Monday, February 22, 2010

Ghosts Doing the Orange Dance

Novella by Paul Park

I've read this story three times now, and I've taken pages upon pages of notes that look like the scribbles of a crazy person. And I can only partially attribute that comment to my handwriting. I love this story, I want to make all of my more literary friends read it (at knifepoint if necessary), and yet I can't summarize it in any remotely concise way without ruining it. And half of the people who have read it seem to give up 1/3 of the way through. But maybe I shouldn't be surprised. My inclination wasn't so much to force it on the Heinlein/Tolkein enthusiasts (NotThatThere'sAnythingWrongWithThat), but more the Umberto Eco/Philip K. Dick lovers, and the Faulkner/Joyce crowd if I was serious about that knife. Although I'm worrying about hyperbole here, I think this novella was brilliant, but it won't appeal to everyone.

This is a funny, autobiographical (more-or-less), deeply reflective, convoluted, complex, confusing, ingenious story about how we make our lives into stories; and then the stories we tell ourselves get out of control and structure invents content. We lose track of the real facts, believe things that on closer examination can't be true, and make up nonsense explanation to explain the little bits of life that make no damn sense. And this is all explained in the second of nine segments.

Park, the self-character of the author proceeds to fly off on tangents about how he has trouble staying on topic, debate the merits of foreshadowing in this weird little combination of memoir and science fiction story he is writing, tell bold-faced lies to the readers that he admits to a few pages later, and piece together bits of writing from his relatives into a hereditary obligation to help protect society from otherworldly forces, maybe.

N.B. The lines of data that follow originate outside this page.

Lemma conf_deriv_continuous_within s : a <= s <= b ->
  filterlim f (within (fun x => a <= x <= b) (locally s)) (locally (f s)).
Proof.
  intros Hs. apply filterlim_locally. intros eps. unfold within. apply locally_R.
  destruct (Req_dec s 0) as [-> | Hs0].
  - specialize (Hf0 ltac:(lra)). rewrite filterlim_locally in Hf0.
    destruct (proj1 (locally_R _ _) (Hf0 eps)) as [d [Hd Hfd]].
    exists d. split; [exact Hd |]. intros y Hy Hyab.
    destruct (Req_dec y 0) as [-> | Hy0]; [apply ball_center |].
    apply Hfd; lra.
  - destruct (conf_deriv_quotient s Hs ltac:(lra) 1 Rlt_0_1) as [d [Hd Hq]].
    set (K := Rabs (Df s / cpow s (1 - alpha)) + 1).
    assert (HK : 0 < K) by (unfold K; pose proof (Rabs_pos (Df s / cpow s (1 - alpha))); lra).
    exists (Rmin d (eps / K)). split; [apply Rmin_pos; [lra | apply Rdiv_lt_0_compat; [apply cond_pos | lra]] |].
    intros y Hy Hyab. apply ball_R.
    destruct (Req_dec y s) as [-> | Hys]; [rewrite Rminus_diag, Rabs_R0; apply cond_pos |].
    pose proof (Rmin_l d (eps / K)). pose proof (Rmin_r d (eps / K)).
    assert (Hslope : Rabs ((f y - f s) / (y - s)) <= K).
    { specialize (Hq (y - s) ltac:(lra) ltac:(lra)). replace (s + (y - s)) with y in Hq by ring.
      specialize (Hq Hyab).
      pose proof (Rabs_triang_inv ((f y - f s) / (y - s)) (Df s / cpow s (1 - alpha))).
      unfold K. lra. }
    replace (f y - f s) with ((y - s) * ((f y - f s) / (y - s))) by (field; lra).
    rewrite Rabs_mult.
    apply Rle_lt_trans with (Rabs (y - s) * K).
    + apply Rmult_le_compat_l; [apply Rabs_pos | exact Hslope].
    + apply Rmult_lt_reg_r with (/ K); [apply Rinv_0_lt_compat; lra |].
      rewrite Rmult_assoc, Rinv_r, Rmult_1_r by lra. lra.
Qed.

End ConformableDerivative.

Definition clamp (A B v : R) : R := Rmax A (Rmin B v).

Lemma clamp_mem A B v : A <= B -> A <= clamp A B v <= B.
Proof. intros. unfold clamp, Rmax, Rmin. repeat destruct Rle_dec; lra. Qed.

Lemma clamp_id A B v : A <= v <= B -> clamp A B v = v.
Proof. intros. unfold clamp, Rmax, Rmin. repeat destruct Rle_dec; lra. Qed.

Lemma clamp_continuous A B v : A <= B -> continuous (clamp A B) v.
Proof.
  intros HAB. apply continuous_R. intros e He. exists e. split; [exact He |].
  intros y Hy. eapply Rle_lt_trans; [| exact Hy].
  unfold clamp, Rmax, Rmin. repeat destruct Rle_dec; unfold Rabs; repeat destruct Rcase_abs; lra.
Qed.

Lemma lipschitz_of_derive_bound (g dg : R -> R) (A B L : R) :
  (forall x, A < x < B -> is_derive g x (dg x)) ->
  (forall x, A < x < B -> Rabs (dg x) <= L) ->
  (forall x, A <= x <= B -> continuous g x) ->
  forall u v, A <= u <= B -> A <= v <= B -> Rabs (g v - g u) <= L * Rabs (v - u).
Proof.
  intros Hd Hb Hc u v Hu Hv.
  destruct (Req_dec u v) as [-> | Huv]; [rewrite !Rminus_diag, Rabs_R0; lra |].
  assert (HL : 0 <= L) by (eapply Rle_trans; [apply Rabs_pos | apply (Hb ((A + B) / 2)); lra]).
  (* [MVT_gen] may return an endpoint, where [dg] is not controlled; use [0] there. *)
  set (dg' x := if Rlt_dec A x then if Rlt_dec x B then dg x else 0 else 0).
  assert (Hmin := Rmin_l u v). assert (Hmin' := Rmin_r u v).
  assert (Hmax := Rmax_l u v). assert (Hmax' := Rmax_r u v).
  assert (HminA : A <= Rmin u v) by (unfold Rmin; destruct Rle_dec; lra).
  assert (HmaxB : Rmax u v <= B) by (unfold Rmax; destruct Rle_dec; lra).
  destruct (MVT_gen g u v dg') as [c [_ Hmvt]].
  - intros x Hx. unfold dg'.
    destruct (Rlt_dec A x); [| lra]. destruct (Rlt_dec x B); [| lra]. apply Hd; lra.
  - intros x Hx. apply continuity_pt_filterlim, Hc. lra.
  - rewrite Hmvt, Rabs_mult. apply Rmult_le_compat_r; [apply Rabs_pos |].
    unfold dg'. destruct (Rlt_dec A c); [destruct (Rlt_dec c B) |];
      [apply Hb; lra | rewrite Rabs_R0; lra | rewrite Rabs_R0; lra].
Qed.

Lemma is_sup_abs_deriv_bound Df a b M t :
  is_sup_abs_deriv Df a b M -> a < t < b -> Rabs (Df t) <= M.
Proof. intros [Hub _] Ht. apply Hub. exists t. split; [exact Ht | reflexivity]. Qed.

Section AlphaReparametrization.

Variables (f Df : R -> R) (alpha a b : R).
Hypotheses (Hab : 0 <= a < b) (Halpha : 0 < alpha).

Local Notation A := (cpow a alpha).
Local Notation B := (cpow b alpha).

(* [alpha_root] inverts [s |-> s^alpha] on [[a, b]]; the clamp makes it continuous on all of [R]. *)
Definition alpha_root (v : R) : R := cpow (clamp A B v) (/ alpha).

Definition alpha_reparam (v : R) : R := f (alpha_root v).

Lemma alpha_root_mem v : a <= alpha_root v <= b.
Proof.
  assert (HAB : A < B) by (apply cpow_lt; lra). pose proof (clamp_mem A B v ltac:(lra)) as Hv.
  assert (HA : 0 <= A) by apply cpow_ge0.
  assert (Hinv : 0 < / alpha) by (apply Rinv_0_lt_compat; lra).
  unfold alpha_root. split.
  - apply Rle_trans with (cpow A (/ alpha)); [rewrite cpow_cpow_inv; lra |].
    apply cpow_le; [lra | exact Hinv].
  - apply Rle_trans with (cpow B (/ alpha)); [| rewrite cpow_cpow_inv; lra].
    apply cpow_le; [lra | exact Hinv].
Qed.

Lemma alpha_root_interior v : A < v < B -> alpha_root v = cpow v (/ alpha) /\ a < cpow v (/ alpha) < b.
Proof.
  intros Hv. assert (HA : 0 <= A) by apply cpow_ge0.
  assert (Hinv : 0 < / alpha) by (apply Rinv_0_lt_compat; lra).
  unfold alpha_root. rewrite clamp_id by lra. split; [reflexivity | split].
  - apply Rle_lt_trans with (cpow A (/ alpha)); [rewrite cpow_cpow_inv; lra |].
    apply cpow_lt; [lra | exact Hinv].
  - apply Rlt_le_trans with (cpow B (/ alpha)); [| rewrite cpow_cpow_inv; lra].
    apply cpow_lt; [lra | exact Hinv].
Qed.

Lemma alpha_reparam_cpow s : a <= s <= b -> alpha_reparam (cpow s alpha) = f s.
Proof.
  intros Hs. unfold alpha_reparam, alpha_root. rewrite clamp_id.
  - rewrite cpow_cpow_inv; lra.
  - split; apply cpow_le; lra.
Qed.

Lemma alpha_root_continuous v : continuous alpha_root v.
Proof.
  apply (continuous_comp (clamp A B) (fun x => cpow x (/ alpha))).
  - apply clamp_continuous. left. apply cpow_lt; lra.
  - apply cpow_continuous, Rinv_0_lt_compat. exact Halpha.
Qed.

Hypothesis Hf : conf_deriv_on f Df alpha a b.
Hypothesis Hf0 : a = 0 -> filterlim f (at_right 0) (locally (f 0)).

Lemma alpha_reparam_continuous v : continuous alpha_reparam v.
Proof.
  apply (filterlim_comp _ _ _ alpha_root f _ (within (fun x => a <= x <= b) (locally (alpha_root v)))).
  - apply (filterlim_within_range (locally v)); [apply alpha_root_mem | apply alpha_root_continuous].
  - apply (conf_deriv_continuous_within f Df alpha a b); [exact Hf | lra | exact Hf0 | apply alpha_root_mem].
Qed.

(* The chain rule factor [(1/alpha) v^(1/alpha - 1)] cancels the [s^(1 - alpha)] of the conformable derivative. *)
Lemma alpha_reparam_is_derive v : A < v < B ->
  is_derive alpha_reparam v (Df (cpow v (/ alpha)) / alpha).
Proof.
  intros Hv. destruct (alpha_root_interior v Hv) as [_ Hs].
  assert (HA : 0 <= A) by apply cpow_ge0.
  set (s := cpow v (/ alpha)) in *.
  apply is_derive_ext_loc with (f := fun x => f (cpow x (/ alpha))).
  { apply locally_R. exists (Rmin (v - A) (B - v)). split; [apply Rmin_pos; lra |].
    intros y Hy. pose proof (Rmin_l (v - A) (B - v)). pose proof (Rmin_r (v - A) (B - v)).
    apply Rabs_def2 in Hy. unfold alpha_reparam.
    rewrite (proj1 (alpha_root_interior y ltac:(lra))). reflexivity. }
  pose proof (is_derive_comp f (fun x => cpow x (/ alpha)) v _ _
    (conf_deriv_is_derive f Df alpha a b Hf ltac:(lra) s Hs) (is_derive_cpow (/ alpha) v ltac:(lra))) as Hchain.
  replace (Df s / alpha) with (scal (/ alpha * cpow v (/ alpha - 1)) (Df s / cpow s (1 - alpha)));
    [exact Hchain |].
  unfold scal; simpl; unfold mult; simpl.
  assert (Hv0 : 0 < v) by lra.
  unfold s. rewrite !cpow_pos by (try apply exp_pos; lra).
  rewrite Rpower_mult. replace (/ alpha * (1 - alpha)) with (/ alpha - 1) by (field; lra).
  pose proof (exp_pos ((/ alpha - 1) * ln v)). unfold Rpower. field. lra.
Qed.

Lemma alpha_reparam_lipschitz M : is_sup_abs_deriv Df a b M ->
  forall u v, A <= u <= B -> A <= v <= B ->
  Rabs (alpha_reparam v - alpha_reparam u) <= M / alpha * Rabs (v - u).
Proof.
  intros HM.
  apply lipschitz_of_derive_bound with (dg := fun x => Df (cpow x (/ alpha)) / alpha).
  - apply alpha_reparam_is_derive.
  - intros x Hx. unfold Rdiv. rewrite Rabs_mult, Rabs_inv, (Rabs_pos_eq alpha) by lra.
    apply Rmult_le_compat_r; [left; apply Rinv_0_lt_compat; lra |].
    apply (is_sup_abs_deriv_bound Df a b M), alpha_root_interior; assumption.
  - intros x _. apply alpha_reparam_continuous.
Qed.

Lemma is_RInt_alpha_reparam x : a <= x <= b -> 0 < x ->
  is_RInt (fun s => f s * cpow s (alpha - 1)) x b (/ alpha * RInt alpha_reparam (cpow x alpha) B).
Proof.
  intros Hx Hx0.
  assert (Hdv : forall y, Rmin x b <= y <= Rmax x b ->
    is_derive (fun s => cpow s alpha) y (alpha * cpow y (alpha - 1)) /\
    continuous (fun s => alpha * cpow s (alpha - 1)) y).
  { intros y Hy. rewrite Rmin_left, Rmax_right in Hy by lra. split.
    - apply is_derive_cpow. lra.
    - apply (continuous_scal_r alpha (fun s => cpow s (alpha - 1))), cpow_continuous_pos. lra. }
  pose proof (is_RInt_comp alpha_reparam _ _ x b (fun y _ => alpha_reparam_continuous _) Hdv) as Hsub.
  apply (is_RInt_scal _ _ _ (/ alpha)) in Hsub.
  eapply is_RInt_ext; [| exact Hsub].
  intros y Hy. rewrite Rmin_left, Rmax_right in Hy by lra.
  unfold scal; simpl; unfold mult; simpl.
  rewrite alpha_reparam_cpow by lra. field. lra.
Qed.

Lemma is_alpha_integral_reparam :
  is_alpha_integral f alpha a b (/ alpha * RInt alpha_reparam A B).
Proof.
  unfold is_alpha_integral, is_RInt_gen.
  apply filterlimi_lim_ext_loc with
    (f := fun p => / alpha * RInt alpha_reparam (cpow (fst p) alpha) B).
  - apply Filter_prod with (Q := fun x => a < x <= b) (R := fun y => y = b).
    + apply locally_R. exists (b - a). split; [lra |]. intros y Hy Hya.
      apply Rabs_def2 in Hy. lra.
    + reflexivity.
    + intros x y Hx ->. simpl. apply is_RInt_alpha_reparam; lra.
  - apply (filterlim_comp _ _ _ fst (fun x => / alpha * RInt alpha_reparam (cpow x alpha) B) _ (at_right a));
      [apply filterlim_fst |].
    apply (filterlim_filter_le_1 (F := locally a)); [apply filter_le_within |].
    apply (continuous_comp (fun x => cpow x alpha)
             (fun v => / alpha * RInt alpha_reparam v B)).
    + apply cpow_continuous. exact Halpha.
    + apply (continuous_scal_r (/ alpha) (fun v => RInt alpha_reparam v B)).
      apply continuous_RInt_2 with (f := alpha_reparam) (b := B).
      apply filter_forall. intros z.
      apply (@RInt_correct R_CompleteNormedModule), (@ex_RInt_continuous R_CompleteNormedModule).
      intros; apply alpha_reparam_continuous.
Qed.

Like I said, I can't do this thing justice. But what stands out to me are the well done self-referential comedy, the great scenery descriptions, and the countless recurring little tidbits that pull his life, and his ancestors' lives together into a bizarrely complex whole, many of which are probably misremembered or imagined. The downside is that two excerpts of ancestral documents in particular were quite a slog, especially the first time through when I had no idea what to look for, and that while the ending was good, the last line itself was lackluster. But I don't know how it could have been much improved, and on reflection the whole thing was great.

I misremember this story as a 5 out of 5, but it was probably more of a 4.5 in reality, if only because of the ending. But keep in mind, my hyperbole-tastic comparison is Umberto Eco, so no whining about having to think.